-------- Supplied data

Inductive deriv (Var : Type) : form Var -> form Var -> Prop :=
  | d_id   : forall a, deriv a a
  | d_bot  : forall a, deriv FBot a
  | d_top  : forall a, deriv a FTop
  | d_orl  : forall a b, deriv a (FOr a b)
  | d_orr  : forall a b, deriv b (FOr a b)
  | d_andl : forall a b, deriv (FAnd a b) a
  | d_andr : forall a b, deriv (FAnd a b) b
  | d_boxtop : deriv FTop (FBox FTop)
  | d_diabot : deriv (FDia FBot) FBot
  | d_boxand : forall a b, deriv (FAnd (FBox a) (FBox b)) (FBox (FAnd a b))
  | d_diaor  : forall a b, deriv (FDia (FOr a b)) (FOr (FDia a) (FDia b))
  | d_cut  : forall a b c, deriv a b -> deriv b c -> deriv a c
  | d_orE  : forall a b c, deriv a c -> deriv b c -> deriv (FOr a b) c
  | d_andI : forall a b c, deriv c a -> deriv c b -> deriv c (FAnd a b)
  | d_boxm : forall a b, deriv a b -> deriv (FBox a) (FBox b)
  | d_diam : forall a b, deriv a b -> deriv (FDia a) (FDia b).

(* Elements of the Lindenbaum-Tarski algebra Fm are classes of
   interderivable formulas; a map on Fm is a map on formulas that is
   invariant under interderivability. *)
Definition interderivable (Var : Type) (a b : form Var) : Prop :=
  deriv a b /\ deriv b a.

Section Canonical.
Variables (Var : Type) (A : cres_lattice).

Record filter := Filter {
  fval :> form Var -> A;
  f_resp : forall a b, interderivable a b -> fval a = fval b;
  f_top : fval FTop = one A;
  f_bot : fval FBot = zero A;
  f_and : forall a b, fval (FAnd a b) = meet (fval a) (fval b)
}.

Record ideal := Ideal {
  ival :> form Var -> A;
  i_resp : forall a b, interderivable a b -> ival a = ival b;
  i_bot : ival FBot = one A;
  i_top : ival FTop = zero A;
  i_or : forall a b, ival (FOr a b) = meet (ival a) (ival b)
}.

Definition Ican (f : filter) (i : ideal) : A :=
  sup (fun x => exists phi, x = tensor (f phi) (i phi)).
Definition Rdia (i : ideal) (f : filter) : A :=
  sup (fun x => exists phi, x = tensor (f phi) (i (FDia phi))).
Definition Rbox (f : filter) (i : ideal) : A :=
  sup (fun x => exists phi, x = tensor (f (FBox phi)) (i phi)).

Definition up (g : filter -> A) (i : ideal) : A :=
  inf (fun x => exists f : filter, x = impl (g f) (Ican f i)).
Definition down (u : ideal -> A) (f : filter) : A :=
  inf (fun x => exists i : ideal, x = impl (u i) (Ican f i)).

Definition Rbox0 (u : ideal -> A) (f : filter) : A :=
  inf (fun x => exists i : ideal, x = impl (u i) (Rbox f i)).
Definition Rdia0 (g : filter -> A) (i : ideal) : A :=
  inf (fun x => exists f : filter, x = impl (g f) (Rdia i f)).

----------------

### Problem statement:
Give back exactly the lines above, from the line containing "-> deriv a c" through the line containing "invariant under interderivability. *)", with both end lines and nothing more.

### Written reply:
  | d_cut  : forall a b c, deriv a b -> deriv b c -> deriv a c
  | d_orE  : forall a b c, deriv a c -> deriv b c -> deriv (FOr a b) c
  | d_andI : forall a b c, deriv c a -> deriv c b -> deriv c (FAnd a b)
  | d_boxm : forall a b, deriv a b -> deriv (FBox a) (FBox b)
  | d_diam : forall a b, deriv a b -> deriv (FDia a) (FDia b).

(* Elements of the Lindenbaum-Tarski algebra Fm are classes of
   interderivable formulas; a map on Fm is a map on formulas that is
   invariant under interderivability. *)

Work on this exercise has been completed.